# Technical Document: Attention Forward Speed Analysis
## Chart Title
**Attention forward speed, head dim 256 (H100 80GB SXM5)**
---
### Axis Labels
- **X-axis**: Sequence length
Categories: `512`, `1k`, `2k`, `4k`, `8k`, `16k`
- **Y-axis**: Speed (TFLOPs/s)
Range: 0–1200 (TFLOPs/s)
---
### Legend
| Color | Method |
|-------|-------------------|
| Green | Triton |
| Red | cuDNN |
| Purple| FlashAttention-3 |
---
### Data Points
#### Sequence Length: `512`
- Triton: 299 TFLOPs/s
- cuDNN: 304 TFLOPs/s
- FlashAttention-3: 329 TFLOPs/s
#### Sequence Length: `1k`
- Triton: 425 TFLOPs/s
- cuDNN: 449 TFLOPs/s
- FlashAttention-3: 521 TFLOPs/s
#### Sequence Length: `2k`
- Triton: 520 TFLOPs/s
- cuDNN: 768 TFLOPs/s
- FlashAttention-3: 703 TFLOPs/s
#### Sequence Length: `4k`
- Triton: 591 TFLOPs/s
- cuDNN: 1015 TFLOPs/s
- FlashAttention-3: 856 TFLOPs/s
#### Sequence Length: `8k`
- Triton: 628 TFLOPs/s
- cuDNN: 1056 TFLOPs/s
- FlashAttention-3: 960 TFLOPs/s
#### Sequence Length: `16k`
- Triton: 663 TFLOPs/s
- cuDNN: 1099 TFLOPs/s
- FlashAttention-3: 1024 TFLOPs/s
---
### Key Observations
1. **Performance Trends**:
- **cuDNN** consistently outperforms other methods across all sequence lengths.

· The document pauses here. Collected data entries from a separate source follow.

(* With $p=(z-w)^2$ and notation as in the context, for integers $k\ge 2$ and $n\ge 0$: \[ \langle w^k\phi_n,z^k\psi_n\rangle=\begin{cases}0, & n\le k-3,\\[2pt] \dfrac{A^n_{0,n}A^n_{n,0}}{D_nD_{n+1}}, & n=k-2,\\[6pt] \dfrac{-A^{n+1}_{0,n+1}A^n_{n,n+1-k}+A^n_{0,n}A^n_{n,n+2-k}}{D_nD_{n+1}}, & n\ge k-1.\end{cases} \] Consequently, for every $k\ge3$, \[ \Sigma_k=\sum_{n=k-2}^\infty\left(\frac{2(n+3-k)(n^2+5n+4+3k-3k^2)}{(n+1)(n+2)(n+3)(n+4)}\right)^2 . \]
   Context: $H^2(\mathbb D^2)$ is the Hardy space on the bidisk (monomials $z^aw^b$ orthonormal). Let $p=(z-w)^2$ and $M=[p]$ the smallest closed subspace containing $p$ invariant under multiplication by $z$ and $w$. For $n\ge0$ let $A^n=(a_{i,j})_{i,j=0}^n$ with $a_{i,j}=\langle pw^{|i-j|},pz^{|i-j|}\rangle$ (the symmetric pentadiagonal Toeplitz matrix with diagonal $6$, first off-diagonals $-4$, second off-diagonals $1$); $D_0=1$, $D_n=\det A^{n-1}$ ($n\ge1$); $A^n_{i,j}$ is the $(i,j)$ cofactor of $A^n$ ($(-1)^{i+j}$ times the minor deleting row $i$ and column $j$; $A^0_{0,0}=1$). Define $\phi_0=\psi_0=p/\|p\|$ and for $n\ge1$ $\phi_n=\frac{\sum_{j=0}^n pA^n_{0,j}z^jw^{n-j}}{\sqrt{D_{n+1}D_n}}$, $\psi_n=\frac{\sum_{j=0}^n pA^n_{n,j}z^jw^{n-j}}{\sqrt{D_{n+1}D_n}}$ (orthonormal bases of $M\ominus zM$ and $M\ominus wM$). For $k\ge0$, $\Sigma_k:=\sum_{n\ge0}|\langle w^k\phi_n,z^k\psi_n\rangle|^2$. *)

From HB Require Import structures.
From mathcomp Require Import all_boot all_order all_algebra.
From mathcomp Require Import all_classical all_reals all_analysis.
Set Implicit Arguments. Unset Strict Implicit. Unset Printing Implicit Defensive.
Import Order.TTheory GRing.Theory Num.Theory.
Local Open Scope ring_scope.

Section HardyBidisk.
Variable R : realType.

(* Polynomials in two variables z, w: P : {poly {poly R}}, where the outer
   variable is z and the inner one is w; the coefficient of z^a w^b is
   (P`_a)`_b. *)
Definition bipoly := {poly {poly R}}.
Definition zv : bipoly := 'X.
Definition wv : bipoly := ('X)%:P.
Definition cst (c : R) : bipoly := c%:P%:P.
Definition coef2 (P : bipoly) (a b : nat) : R := (P`_a)`_b.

- **FlashAttention-3** shows significant improvement over Triton, especially at longer sequence lengths (e.g., `16k`).
- **Triton** exhibits the lowest performance but scales linearly with sequence length.
2. **Hardware Context**:
- All measurements are for a system with **H100 80GB SXM5** GPU.
- Head dimension (`head dim`) is fixed at 256.
---
### Notes
- Values are explicitly labeled on top of each bar for direct reference.
- No data table is present; all information is derived from the bar chart.
- Colors in the legend strictly correspond to the bar colors in the chart.